Task to carry out: Lines to return, exactly: from the line with "Section Vec." to the line with "Definition vscale (a" in the entries below, both included.

[Records drawn from a dataset]
__________________________________________________

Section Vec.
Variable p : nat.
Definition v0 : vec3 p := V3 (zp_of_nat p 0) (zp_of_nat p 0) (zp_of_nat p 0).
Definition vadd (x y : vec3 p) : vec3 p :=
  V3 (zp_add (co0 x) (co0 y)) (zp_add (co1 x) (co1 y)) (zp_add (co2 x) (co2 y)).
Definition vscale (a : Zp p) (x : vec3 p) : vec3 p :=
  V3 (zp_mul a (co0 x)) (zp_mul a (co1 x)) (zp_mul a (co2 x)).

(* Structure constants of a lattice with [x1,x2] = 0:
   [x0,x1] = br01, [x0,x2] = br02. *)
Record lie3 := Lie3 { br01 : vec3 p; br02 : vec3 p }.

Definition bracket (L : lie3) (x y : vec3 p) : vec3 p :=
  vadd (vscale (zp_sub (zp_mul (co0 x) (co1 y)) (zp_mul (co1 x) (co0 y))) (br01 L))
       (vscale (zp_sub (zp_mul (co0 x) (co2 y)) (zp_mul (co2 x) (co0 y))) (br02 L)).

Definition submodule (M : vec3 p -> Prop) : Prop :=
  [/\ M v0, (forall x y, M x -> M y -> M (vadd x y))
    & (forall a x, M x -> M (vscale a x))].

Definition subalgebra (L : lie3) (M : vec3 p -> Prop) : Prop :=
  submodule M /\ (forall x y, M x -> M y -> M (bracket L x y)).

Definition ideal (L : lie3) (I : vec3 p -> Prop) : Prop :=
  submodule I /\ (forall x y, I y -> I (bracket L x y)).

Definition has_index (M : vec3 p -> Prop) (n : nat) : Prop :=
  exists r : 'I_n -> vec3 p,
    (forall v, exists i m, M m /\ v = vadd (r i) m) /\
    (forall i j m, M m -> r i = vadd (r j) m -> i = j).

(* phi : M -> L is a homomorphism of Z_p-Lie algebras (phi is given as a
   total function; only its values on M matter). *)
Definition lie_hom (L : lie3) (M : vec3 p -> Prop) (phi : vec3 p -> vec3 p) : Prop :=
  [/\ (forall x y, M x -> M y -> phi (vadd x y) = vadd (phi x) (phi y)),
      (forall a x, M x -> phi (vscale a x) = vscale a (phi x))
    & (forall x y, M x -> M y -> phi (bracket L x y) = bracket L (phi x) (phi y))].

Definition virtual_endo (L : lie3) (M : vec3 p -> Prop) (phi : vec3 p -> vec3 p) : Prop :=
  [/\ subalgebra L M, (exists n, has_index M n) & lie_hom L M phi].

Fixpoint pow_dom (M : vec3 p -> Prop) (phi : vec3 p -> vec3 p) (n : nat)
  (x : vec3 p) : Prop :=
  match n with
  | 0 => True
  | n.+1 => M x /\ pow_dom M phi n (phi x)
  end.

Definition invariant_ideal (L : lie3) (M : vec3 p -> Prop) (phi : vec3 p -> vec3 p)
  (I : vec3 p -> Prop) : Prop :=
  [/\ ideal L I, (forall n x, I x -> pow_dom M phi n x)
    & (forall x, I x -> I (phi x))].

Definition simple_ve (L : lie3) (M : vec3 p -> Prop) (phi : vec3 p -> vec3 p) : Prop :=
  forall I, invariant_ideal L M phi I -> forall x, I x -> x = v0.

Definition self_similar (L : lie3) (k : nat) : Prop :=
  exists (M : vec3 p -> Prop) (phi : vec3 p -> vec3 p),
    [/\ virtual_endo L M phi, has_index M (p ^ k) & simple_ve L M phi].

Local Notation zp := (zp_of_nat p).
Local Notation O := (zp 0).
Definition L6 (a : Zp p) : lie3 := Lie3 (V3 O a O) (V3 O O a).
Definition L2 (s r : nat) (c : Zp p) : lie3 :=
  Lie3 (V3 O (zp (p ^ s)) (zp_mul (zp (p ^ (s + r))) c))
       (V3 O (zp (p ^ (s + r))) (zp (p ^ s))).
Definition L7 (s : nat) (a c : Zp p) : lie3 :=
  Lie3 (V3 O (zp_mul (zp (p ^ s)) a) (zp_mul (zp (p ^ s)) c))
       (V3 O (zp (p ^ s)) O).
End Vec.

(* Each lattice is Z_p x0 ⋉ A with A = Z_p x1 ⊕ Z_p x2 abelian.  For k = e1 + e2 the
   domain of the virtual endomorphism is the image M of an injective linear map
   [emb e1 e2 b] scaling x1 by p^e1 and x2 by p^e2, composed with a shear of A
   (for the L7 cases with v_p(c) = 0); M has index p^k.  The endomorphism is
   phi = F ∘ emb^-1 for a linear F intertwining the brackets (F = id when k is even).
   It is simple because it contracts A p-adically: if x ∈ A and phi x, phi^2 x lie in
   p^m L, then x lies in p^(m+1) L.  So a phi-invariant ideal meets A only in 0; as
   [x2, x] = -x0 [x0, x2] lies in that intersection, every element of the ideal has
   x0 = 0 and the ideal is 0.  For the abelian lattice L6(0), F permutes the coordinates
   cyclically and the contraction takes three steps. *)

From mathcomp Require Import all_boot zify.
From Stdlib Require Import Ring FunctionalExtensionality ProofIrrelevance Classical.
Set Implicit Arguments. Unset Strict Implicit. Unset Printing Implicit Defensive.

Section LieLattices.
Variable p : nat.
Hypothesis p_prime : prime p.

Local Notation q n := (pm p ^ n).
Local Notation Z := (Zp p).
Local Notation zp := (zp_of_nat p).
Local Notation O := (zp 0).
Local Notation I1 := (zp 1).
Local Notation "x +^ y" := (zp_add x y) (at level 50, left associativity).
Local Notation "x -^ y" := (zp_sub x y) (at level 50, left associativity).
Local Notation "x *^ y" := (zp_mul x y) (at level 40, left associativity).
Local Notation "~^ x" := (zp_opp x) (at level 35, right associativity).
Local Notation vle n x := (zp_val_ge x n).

__________________________________________________

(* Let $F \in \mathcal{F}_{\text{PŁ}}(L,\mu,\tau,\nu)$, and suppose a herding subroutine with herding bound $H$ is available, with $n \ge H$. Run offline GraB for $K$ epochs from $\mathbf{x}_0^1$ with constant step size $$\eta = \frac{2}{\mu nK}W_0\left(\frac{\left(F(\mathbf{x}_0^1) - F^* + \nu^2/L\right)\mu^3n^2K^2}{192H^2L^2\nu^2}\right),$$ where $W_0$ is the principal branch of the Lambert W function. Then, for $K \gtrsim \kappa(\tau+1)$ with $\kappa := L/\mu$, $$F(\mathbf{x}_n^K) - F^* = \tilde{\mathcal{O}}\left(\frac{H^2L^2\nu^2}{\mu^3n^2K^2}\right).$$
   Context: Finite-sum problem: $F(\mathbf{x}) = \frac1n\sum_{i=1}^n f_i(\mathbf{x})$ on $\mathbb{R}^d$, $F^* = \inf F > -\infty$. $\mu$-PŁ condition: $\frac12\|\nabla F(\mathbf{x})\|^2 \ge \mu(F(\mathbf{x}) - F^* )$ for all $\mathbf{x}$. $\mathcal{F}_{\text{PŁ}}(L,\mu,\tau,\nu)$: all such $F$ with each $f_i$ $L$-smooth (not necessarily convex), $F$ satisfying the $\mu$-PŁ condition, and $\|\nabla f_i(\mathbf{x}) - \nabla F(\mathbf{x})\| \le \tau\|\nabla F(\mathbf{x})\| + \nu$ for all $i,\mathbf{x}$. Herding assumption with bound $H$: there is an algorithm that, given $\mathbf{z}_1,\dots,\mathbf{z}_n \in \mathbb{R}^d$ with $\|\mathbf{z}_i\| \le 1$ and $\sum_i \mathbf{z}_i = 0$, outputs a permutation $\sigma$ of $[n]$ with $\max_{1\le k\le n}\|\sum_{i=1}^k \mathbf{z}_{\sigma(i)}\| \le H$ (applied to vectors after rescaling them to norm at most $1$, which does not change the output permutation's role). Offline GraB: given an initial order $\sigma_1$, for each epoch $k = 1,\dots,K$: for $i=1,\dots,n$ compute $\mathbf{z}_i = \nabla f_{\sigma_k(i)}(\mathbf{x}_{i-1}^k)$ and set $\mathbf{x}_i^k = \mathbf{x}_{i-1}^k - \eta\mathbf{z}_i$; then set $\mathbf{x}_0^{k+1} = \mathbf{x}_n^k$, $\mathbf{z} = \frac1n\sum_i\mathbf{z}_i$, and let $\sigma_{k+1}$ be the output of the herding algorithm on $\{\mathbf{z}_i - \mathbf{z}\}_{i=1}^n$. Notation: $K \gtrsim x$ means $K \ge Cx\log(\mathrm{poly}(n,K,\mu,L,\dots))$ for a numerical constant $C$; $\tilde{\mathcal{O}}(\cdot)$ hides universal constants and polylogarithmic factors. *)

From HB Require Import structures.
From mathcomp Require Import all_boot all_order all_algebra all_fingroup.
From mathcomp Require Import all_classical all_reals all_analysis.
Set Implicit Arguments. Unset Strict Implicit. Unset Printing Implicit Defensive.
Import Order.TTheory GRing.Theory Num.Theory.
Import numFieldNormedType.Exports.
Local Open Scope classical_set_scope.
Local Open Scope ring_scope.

__________________________________________________

Solution below:
Section Vec.
Variable p : nat.
Definition v0 : vec3 p := V3 (zp_of_nat p 0) (zp_of_nat p 0) (zp_of_nat p 0).
Definition vadd (x y : vec3 p) : vec3 p :=
  V3 (zp_add (co0 x) (co0 y)) (zp_add (co1 x) (co1 y)) (zp_add (co2 x) (co2 y)).
Definition vscale (a : Zp p) (x : vec3 p) : vec3 p :=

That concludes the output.